_Aim of the task_. Your task is to repeat exactly the lines below between the line holding "Import Order.TTheory GRing.Theory Num.Theory." and the line holding "Local Open Scope ring_scope.", inclusive, and only those.

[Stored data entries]
# # # # #

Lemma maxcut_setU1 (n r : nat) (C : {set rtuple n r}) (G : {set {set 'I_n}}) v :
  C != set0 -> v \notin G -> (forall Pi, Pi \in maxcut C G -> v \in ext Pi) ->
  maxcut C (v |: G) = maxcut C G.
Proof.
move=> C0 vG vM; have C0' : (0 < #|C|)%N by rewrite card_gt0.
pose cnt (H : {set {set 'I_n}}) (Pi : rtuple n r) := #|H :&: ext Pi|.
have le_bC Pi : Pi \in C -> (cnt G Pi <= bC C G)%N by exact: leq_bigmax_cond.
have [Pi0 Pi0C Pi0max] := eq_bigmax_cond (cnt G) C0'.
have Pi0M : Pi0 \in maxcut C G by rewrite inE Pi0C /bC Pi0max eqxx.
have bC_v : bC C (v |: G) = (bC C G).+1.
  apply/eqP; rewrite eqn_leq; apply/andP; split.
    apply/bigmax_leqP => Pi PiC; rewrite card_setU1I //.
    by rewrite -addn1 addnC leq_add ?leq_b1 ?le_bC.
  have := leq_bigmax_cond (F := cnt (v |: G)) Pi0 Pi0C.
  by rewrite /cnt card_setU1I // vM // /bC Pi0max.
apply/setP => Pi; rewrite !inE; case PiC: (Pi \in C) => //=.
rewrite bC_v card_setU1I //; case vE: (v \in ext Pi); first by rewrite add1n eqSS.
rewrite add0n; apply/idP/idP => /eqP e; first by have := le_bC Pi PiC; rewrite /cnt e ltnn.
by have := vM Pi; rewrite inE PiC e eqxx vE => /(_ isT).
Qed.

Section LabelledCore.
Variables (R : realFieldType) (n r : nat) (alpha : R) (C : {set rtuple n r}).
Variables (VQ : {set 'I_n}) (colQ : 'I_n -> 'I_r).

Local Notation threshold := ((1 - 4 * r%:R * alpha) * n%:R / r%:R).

# # # # #

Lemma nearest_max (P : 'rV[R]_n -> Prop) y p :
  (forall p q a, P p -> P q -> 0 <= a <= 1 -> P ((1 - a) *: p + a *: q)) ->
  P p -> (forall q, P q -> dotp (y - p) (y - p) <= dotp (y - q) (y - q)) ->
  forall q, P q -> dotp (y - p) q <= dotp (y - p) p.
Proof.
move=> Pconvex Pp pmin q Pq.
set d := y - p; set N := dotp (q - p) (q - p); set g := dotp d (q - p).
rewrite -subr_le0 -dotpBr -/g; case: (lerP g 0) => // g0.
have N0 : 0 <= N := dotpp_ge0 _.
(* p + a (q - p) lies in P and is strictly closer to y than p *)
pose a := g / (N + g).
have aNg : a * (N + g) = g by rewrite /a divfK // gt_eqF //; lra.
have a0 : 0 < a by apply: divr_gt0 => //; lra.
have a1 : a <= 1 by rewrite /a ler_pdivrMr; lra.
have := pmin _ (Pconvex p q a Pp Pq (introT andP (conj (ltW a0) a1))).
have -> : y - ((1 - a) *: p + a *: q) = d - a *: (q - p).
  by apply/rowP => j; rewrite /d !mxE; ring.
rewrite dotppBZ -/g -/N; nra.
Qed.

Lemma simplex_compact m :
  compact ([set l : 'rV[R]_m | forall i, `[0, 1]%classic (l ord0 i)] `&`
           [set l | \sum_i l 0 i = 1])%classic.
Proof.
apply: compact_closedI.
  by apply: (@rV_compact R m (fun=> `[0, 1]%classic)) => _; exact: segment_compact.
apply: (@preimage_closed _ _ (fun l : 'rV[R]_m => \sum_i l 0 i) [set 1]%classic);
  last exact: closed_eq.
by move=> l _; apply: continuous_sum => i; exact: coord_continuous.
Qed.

# # # # #

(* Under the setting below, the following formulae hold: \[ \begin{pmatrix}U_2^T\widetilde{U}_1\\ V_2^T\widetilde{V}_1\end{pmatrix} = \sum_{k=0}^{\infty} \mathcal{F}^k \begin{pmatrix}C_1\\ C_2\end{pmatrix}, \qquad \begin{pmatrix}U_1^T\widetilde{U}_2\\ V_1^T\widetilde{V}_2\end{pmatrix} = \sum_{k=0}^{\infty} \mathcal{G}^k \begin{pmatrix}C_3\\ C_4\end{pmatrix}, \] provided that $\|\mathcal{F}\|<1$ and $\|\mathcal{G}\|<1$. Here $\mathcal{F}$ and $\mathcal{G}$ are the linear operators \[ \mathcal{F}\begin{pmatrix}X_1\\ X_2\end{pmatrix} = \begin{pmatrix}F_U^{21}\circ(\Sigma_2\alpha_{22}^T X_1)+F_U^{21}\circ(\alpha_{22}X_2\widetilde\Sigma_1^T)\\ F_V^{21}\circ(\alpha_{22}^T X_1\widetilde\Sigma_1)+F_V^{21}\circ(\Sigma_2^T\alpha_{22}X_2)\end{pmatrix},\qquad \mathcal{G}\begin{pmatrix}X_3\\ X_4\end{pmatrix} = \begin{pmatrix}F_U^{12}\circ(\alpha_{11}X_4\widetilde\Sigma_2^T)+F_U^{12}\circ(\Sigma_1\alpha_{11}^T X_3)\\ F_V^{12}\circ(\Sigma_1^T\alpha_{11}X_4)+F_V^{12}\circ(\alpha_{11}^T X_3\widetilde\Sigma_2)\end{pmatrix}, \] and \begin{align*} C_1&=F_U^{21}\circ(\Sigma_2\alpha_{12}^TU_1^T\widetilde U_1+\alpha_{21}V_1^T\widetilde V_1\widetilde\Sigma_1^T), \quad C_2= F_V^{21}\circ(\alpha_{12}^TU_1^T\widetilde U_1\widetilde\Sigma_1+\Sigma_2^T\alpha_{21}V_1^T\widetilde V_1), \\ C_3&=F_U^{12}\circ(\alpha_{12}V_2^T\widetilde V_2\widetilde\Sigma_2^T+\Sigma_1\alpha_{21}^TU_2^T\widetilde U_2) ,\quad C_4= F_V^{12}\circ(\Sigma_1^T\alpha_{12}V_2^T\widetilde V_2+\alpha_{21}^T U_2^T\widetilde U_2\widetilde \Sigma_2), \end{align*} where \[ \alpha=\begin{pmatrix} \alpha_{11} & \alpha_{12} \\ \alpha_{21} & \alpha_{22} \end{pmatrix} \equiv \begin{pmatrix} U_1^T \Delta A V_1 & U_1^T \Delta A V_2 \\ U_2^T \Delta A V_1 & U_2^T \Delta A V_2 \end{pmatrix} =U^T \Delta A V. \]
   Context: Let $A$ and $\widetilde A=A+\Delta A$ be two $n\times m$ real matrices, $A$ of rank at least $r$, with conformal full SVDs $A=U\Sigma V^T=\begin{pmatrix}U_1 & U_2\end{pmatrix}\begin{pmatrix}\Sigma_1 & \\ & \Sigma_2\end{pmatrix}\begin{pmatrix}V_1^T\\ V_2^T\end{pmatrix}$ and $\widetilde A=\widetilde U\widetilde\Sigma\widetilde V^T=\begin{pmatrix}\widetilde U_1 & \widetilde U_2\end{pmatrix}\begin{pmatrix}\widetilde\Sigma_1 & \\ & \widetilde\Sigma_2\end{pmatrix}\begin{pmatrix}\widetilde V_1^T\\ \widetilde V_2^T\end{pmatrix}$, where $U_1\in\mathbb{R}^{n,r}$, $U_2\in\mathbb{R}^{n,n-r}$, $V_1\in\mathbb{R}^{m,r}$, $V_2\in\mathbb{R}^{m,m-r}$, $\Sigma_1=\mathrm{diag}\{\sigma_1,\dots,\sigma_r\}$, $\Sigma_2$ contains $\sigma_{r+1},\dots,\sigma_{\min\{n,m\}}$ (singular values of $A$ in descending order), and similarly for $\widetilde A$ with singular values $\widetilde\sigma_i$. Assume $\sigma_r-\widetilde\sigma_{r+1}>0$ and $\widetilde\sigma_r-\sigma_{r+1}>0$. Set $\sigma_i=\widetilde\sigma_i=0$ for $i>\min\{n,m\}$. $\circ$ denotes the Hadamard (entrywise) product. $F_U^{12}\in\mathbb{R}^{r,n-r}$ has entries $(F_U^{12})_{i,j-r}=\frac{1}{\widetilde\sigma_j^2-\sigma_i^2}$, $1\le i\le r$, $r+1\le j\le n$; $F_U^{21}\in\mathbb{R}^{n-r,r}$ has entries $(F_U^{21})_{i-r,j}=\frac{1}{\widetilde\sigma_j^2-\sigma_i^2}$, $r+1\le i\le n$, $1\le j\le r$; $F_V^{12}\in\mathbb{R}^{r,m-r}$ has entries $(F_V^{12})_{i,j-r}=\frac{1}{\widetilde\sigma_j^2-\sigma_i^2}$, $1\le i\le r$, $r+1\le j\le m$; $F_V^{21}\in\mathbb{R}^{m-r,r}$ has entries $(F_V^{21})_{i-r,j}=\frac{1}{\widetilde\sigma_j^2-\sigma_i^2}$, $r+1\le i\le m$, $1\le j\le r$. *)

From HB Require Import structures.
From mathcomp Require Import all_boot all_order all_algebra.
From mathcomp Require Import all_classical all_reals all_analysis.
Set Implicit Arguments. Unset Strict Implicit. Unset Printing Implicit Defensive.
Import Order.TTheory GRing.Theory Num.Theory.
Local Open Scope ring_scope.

# # # # #

_Response area_.
Import Order.TTheory GRing.Theory Num.Theory.
Local Open Scope ring_scope.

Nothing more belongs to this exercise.